GARMSER, AFGHANISTAN — Gola Akar, a black-bearded farmer, did not seem certain whether a monthlong Marine assault here had improved or retarded his business prospects.
On the one hand, the Marines killed or drove out Taliban fighters who had commandeered his mud-wall compound. But the fighting came at the height of the poppy harvest, costing Akar thousands of dollars in drug profits.
"Since you came, things are better," Akar told 1st Lt. Shaun Miller, a slender, easygoing Marine who led a patrol past his compound one recent morning. "But who's going to pay me for my lost poppies?"
Miller told him the U.S. government wasn't in the habit of paying for lost narcotics profits. But Miller patiently wrote down the damage that Akar said the Marine assault had caused to his windows, roof and walls, and promised to pay cash compensation.
Throughout May, Marines pounded a Taliban stronghold here in the southern province of Helmand near where fellow Marines first set foot in Afghanistan in 2001 to help topple the Taliban regime. It was the first time in the 6 1/2 years of war since then that U.S. forces had reentered the area, which is crisscrossed by three major insurgent infiltration routes from Pakistan and is one of the world's top opium-producing regions.

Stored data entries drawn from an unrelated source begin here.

Lemma char_poly_fix_cycle_mx d b a :
  char_poly (fix_cycle_mx d b a) = ('X - b%:P) * ('X^(d.+1) - a%:P).
Proof.
rewrite /char_poly (expand_det_col _ ord0) (bigD1 ord0) //= big1 ?addr0; last first.
  move=> i i_neq0; have i_neq0' : (i == 0 :> nat) = false := negbTE i_neq0.
  by rewrite !mxE /= (negbTE i_neq0) i_neq0' mul0r raddf0 subr0 mul0r.
rewrite /cofactor row'_col'_char_poly_mx.
have -> : row' ord0 (col' ord0 (fix_cycle_mx d b a)) = cyclic_shift_mx d a.
  by apply/matrixP => i j; rewrite !mxE /= /bump /= !add1n !eqSS.
by rewrite -/(char_poly _) char_poly_cyclic_shift_mx !mxE /= mul1r expr0 mul1r mulr1n.
Qed.

Section OrbitBasis.
Variables (d : nat) (v : 'cV[F]_d.+2) (w : nat -> 'cV[F]_d.+2).

Definition orbit_basis : 'M[F]_d.+2 :=
  \matrix_(r, t) if t == 0 :> nat then v r 0 else w t.-1 r 0.

Lemma col_orbit_basis t : col t orbit_basis = if t == 0 :> nat then v else w t.-1.
Proof. by apply/colP => r; rewrite !mxE; case: ifP. Qed.

Variables (A : 'M[F]_d.+2) (b a : F).
Hypotheses (Av : A *m v = b *: v) (Aw : forall j, A *m w j = w j.+1)
  (w_wrap : w d.+1 = a *: w 0).

Lemma mulmx_orbit_basis : A *m orbit_basis = orbit_basis *m fix_cycle_mx d b a.
Proof.
suff col_eq t : col t (A *m orbit_basis) = col t (orbit_basis *m fix_cycle_mx d b a).
  by apply/matrixP => r t; have /colP/(_ r) := col_eq t; rewrite !mxE.
have col_mulN (i : 'I_d.+2) x :
    (forall j, fix_cycle_mx d b a j t = (j == i :> nat)%:R * x) ->
    col t (orbit_basis *m fix_cycle_mx d b a) = x *: col i orbit_basis.
  move=> N_t; rewrite colE -mulmxA -colE (colE i) scalemxAr; congr (_ *m _).
  by apply/colP => j; rewrite mxE N_t !mxE mulrC andbT.
rewrite colE -mulmxA -colE col_orbit_basis.
have [t0 | t_neq0] := eqVneq (t : nat) 0%N.
  by rewrite Av (col_mulN ord0 b) ?col_orbit_basis // => j; rewrite mxE t0.
have [td | t_neq_d] := eqVneq (t : nat) d.+1.
  rewrite (col_mulN (Ordinal (isT : 1 < d.+2)%N) a); last by move=> j; rewrite mxE td eqxx.
  by rewrite col_orbit_basis /= Aw td w_wrap.
have t1_lt : (t.+1 < d.+2)%N by move: (ltn_ord t) t_neq_d; lia.
rewrite (col_mulN (Ordinal t1_lt) 1); last first.
  by move=> j; rewrite mxE (negbTE t_neq0) (negbTE t_neq_d) mulr1.
by rewrite col_orbit_basis /= scale1r Aw prednK // lt0n.
Qed.

Lemma char_poly_orbit_basis :
  orbit_basis \in unitmx -> char_poly A = ('X - b%:P) * ('X^(d.+1) - a%:P).
Proof.
move=> W_unit; rewrite -char_poly_fix_cycle_mx.
exact: char_poly_similar W_unit mulmx_orbit_basis.
Qed.

End OrbitBasis.

Lemma prod_XsubC_scaled_prim_root n (z a : F) :
  n.-primitive_root z -> a != 0 ->
  \prod_(k < n) ('X - (a * z ^+ k)%:P) = 'X^n - (a ^+ n)%:P.
Proof.
move=> z_prim a_neq0; have n_gt0 := prim_order_gt0 z_prim.
set rs := [seq a * z ^+ k | k <- index_iota 0 n].
have -> : \prod_(k < n) ('X - (a * z ^+ k)%:P) = \prod_(r <- rs) ('X - r%:P).
  by rewrite big_map -(big_mkord xpredT (fun k => 'X - (a * z ^+ k)%:P)).
rewrite [RHS](@all_roots_prod_XsubC _ _ rs).
- by rewrite lead_coefXnsubC // scale1r.
- by rewrite size_XnsubC // size_map size_iota subn0.
- apply/allP => _ /mapP[k _ ->]; rewrite rootE !hornerE.
  by rewrite exprMn exprAC (prim_expr_order z_prim) expr1n mulr1 subrr.
rewrite uniq_rootsE map_inj_in_uniq ?iota_uniq // => i j.
rewrite !mem_index_iota => /= i_lt_n j_lt_n /(mulfI a_neq0)/eqP.
by rewrite (eq_prim_root_expr z_prim) !modn_small // => /eqP.
Qed.

End CharPoly.

Section GCirculantSpectrum.
Variables (R : realType) (m g : nat) (b1 b2 : R) (c : nat -> R).
Local Notation p := m.+2.
Local Notation tau := (unit_root R p).
Local Notation v := (fourier_vec p tau).
Local Notation lambda := (circ_eigenvalue p tau (fun l => (c l)%:C)).
Local Notation A := (Qmat R[i] p g *m circ p (fun l => (c l)%:C)).
Hypotheses (p_pr : prime p) (p_gt2 : (2 < p)%N) (g_gen : is_generator_mod p g).
Hypotheses (b2_gt0 : 0 < b2) (lambda_Sigma' : forall k : 'I_p, lambda k = Sigma' p b1 b2 k).

Let tau_prim : p.-primitive_root tau := unit_root_prim R (ltn0Sn m.+1).
Let tau_p : tau ^+ p = 1 := prim_expr_order tau_prim.

Let b2C_neq0 : b2%:C != 0.
Proof. by rewrite real_complex_eq0 gt_eqF. Qed.

Lemma Qmat_circ_mul_fourier k : A *m v k = lambda k *: v (k * g).
Proof. by rewrite -mulmxA circ_mul_fourier // -scalemxAr Qmat_mul_fourier. Qed.

Lemma circ_eigenvalue0 : lambda 0 = b1%:C.
Proof. exact: (lambda_Sigma' ord0). Qed.

Lemma circ_eigenvalue_ndvd k : ~~ (p %| k)%N -> lambda k = b2%:C * tau ^+ k.
Proof.
move=> p_ndvd_k; have k_lt := ltn_pmod k (ltn0Sn m.+1).
have -> : lambda k = lambda (k %% p).
  apply: eq_bigr => l _.
  by rewrite (expr_modn tau_p (_ : _ = (k %% p * l)%N %[mod p])) // modnMml.
by rewrite (lambda_Sigma' (Ordinal k_lt)) /Sigma' /= ifN // (expr_modn tau_p (modn_mod _ _)).
Qed.

(* The scalar accumulates the eigenvalues b2 tau^(g^i) met along the orbit of v_1. *)
Definition fourier_orbit_vec s := (b2%:C ^+ s * tau ^+ (\sum_(i < s) g ^ i)%N) *: v (g ^ s).

Lemma Qmat_circ_mul_fourier_orbit_vec s : A *m fourier_orbit_vec s = fourier_orbit_vec s.+1.
Proof.
rewrite -scalemxAr Qmat_circ_mul_fourier circ_eigenvalue_ndvd ?ndvd_expg // scalerA -expnSr.
rewrite /fourier_orbit_vec big_ord_recr /= exprD exprSr; congr (_ *: _).
by rewrite mulrACA mulrC.
Qed.

Lemma fourier_orbit_vec_wrap : fourier_orbit_vec m.+1 = b2%:C ^+ m.+1 *: fourier_orbit_vec 0.
Proof.
rewrite /fourier_orbit_vec; have -> : tau ^+ (\sum_(i < m.+1) g ^ i)%N = 1.
  by apply/eqP; rewrite -(prim_order_dvd tau_prim) dvdn_sum_expg.
rewrite big_ord0 !expr0 !mulr1 scale1r; congr (_ *: _).
apply/colP => j; rewrite !mxE; apply: (expr_modn tau_p).
by rewrite -modnMmr (expg_pred_mod p_pr g_gen) modnMmr.
Qed.

Lemma orbit_basis_unitmx : orbit_basis (v 0) fourier_orbit_vec \in unitmx.
Proof.
pose e (t : 'I_p) := if t == 0 :> nat then 0%N else (g ^ t.-1)%N.
pose s (t : 'I_p) := if t == 0 :> nat then 1
  else b2%:C ^+ t.-1 * tau ^+ (\sum_(i < t.-1) g ^ i)%N.
have -> : orbit_basis (v 0) fourier_orbit_vec = \matrix_(r, t) (s t * tau ^+ (r * e t)).
  by apply/matrixP => r t; rewrite !mxE /s /e; case: ifP; rewrite ?mul1r ?muln0.
apply: fourier_basis_unitmx tau_prim _ _ => [i j|t]; last first.
  by rewrite /s; case: ifP => _; rewrite ?oner_neq0 ?mulf_neq0 ?expf_neq0 ?b2C_neq0
    ?(prim_root_eq0 tau_prim).
have ndvd := ndvd_expg p_pr g_gen.
have ltn_pred (t : 'I_p) : (t.-1 < p.-1)%N by have := ltn_ord t; lia.
rewrite /e => ij; apply: ord_inj; move: ij.
case: eqP => [-> | /eqP i_neq0]; case: eqP => [-> // | /eqP j_neq0].
- by move=> h; have := ndvd j.-1; rewrite /dvdn -h mod0n.
- by move=> h; have := ndvd i.-1; rewrite /dvdn h mod0n.
move=> /(expg_mod_inj p_pr g_gen (ltn_pred i) (ltn_pred j)); lia.
Qed.

Lemma char_poly_Qmat_circ : char_poly A = ('X - b1%:C%:P) * ('X^(m.+1) - (b2%:C ^+ m.+1)%:P).
Proof.
apply: char_poly_orbit_basis orbit_basis_unitmx.
- by rewrite Qmat_circ_mul_fourier mul0n circ_eigenvalue0.
- exact: Qmat_circ_mul_fourier_orbit_vec.
- exact: fourier_orbit_vec_wrap.
Qed.

End GCirculantSpectrum.

Theorem mainTheorem9 (R : realType) (p g : nat) (b1 b2 : R) (c : nat -> R) :
  prime p -> (2 < p)%N -> is_generator_mod p g -> 0 < b2 ->
  (forall k : 'I_p,
     \sum_(l < p) (c l)%:C * (unit_root R p) ^+ (k * l) = Sigma' p b1 b2 k) ->
  let A := Qmat R p g *m circ p c in
  g_circulant g A /\
  char_poly (map_mx (fun x : R => x%:C) A) =
    \prod_(k < p) ('X - (Sigma p b1 b2 k)%:P).
Proof.
move=> p_pr p_gt2; have [m p_eq] : exists m, p = m.+2 by exists p.-2; lia.
subst p => g_gen b2_gt0 lambda_Sigma' A; split; first exact: g_circulant_Qmat_circ.
rewrite map_mxM map_Qmat map_circ (char_poly_Qmat_circ p_pr p_gt2 g_gen b2_gt0 lambda_Sigma').
rewrite big_ord_recl; congr (_ * _).
by rewrite -(prod_XsubC_scaled_prim_root (unit_root_prim R (ltn0Sn m))) ?real_complex_eq0
  ?gt_eqF.
Qed.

British forces have maintained a base just north of here, but commanders say the United States and the North Atlantic Treaty Organization have lacked sufficient forces to mount an offensive in the region, in part because of the U.S. focus on Iraq.
With the Taliban resurgent in the south, the Marines were deployed specifically to battle entrenched militants. Within a month, they routed the Taliban fighters and disrupted infiltration routes.
Now, they are trying to win over Afghan civilians who are trickling back to their damaged homes.
Officers such as Miller are leading patrols through poppy and marijuana fields to assess farmers' losses. The Marines also have been forced into other unfamiliar roles -- as quasi-diplomats, humanitarian workers, moneymen and nurses.
"Not exactly what I signed up for," Miller said. Sometimes, he said, he felt like an insurance adjuster.
The Marines are the only source of security here. The weak Afghan government is nowhere in sight. The Afghan police fled a Taliban takeover two years ago. The nearest Afghan army unit is posted several miles north, with the British forces.
The Marines are rushing to solidify their combat gains while enlisting civilian support in behalf of the absent Afghan government. Time is precious.
The Marines, from Alpha Company, 1st Battalion, 6th Marine Regiment, 24th Marine Expeditionary Unit, were scheduled to return home to Camp Lejeune, N.C., in October, but Thursday the Pentagon extended their stay by 30 days.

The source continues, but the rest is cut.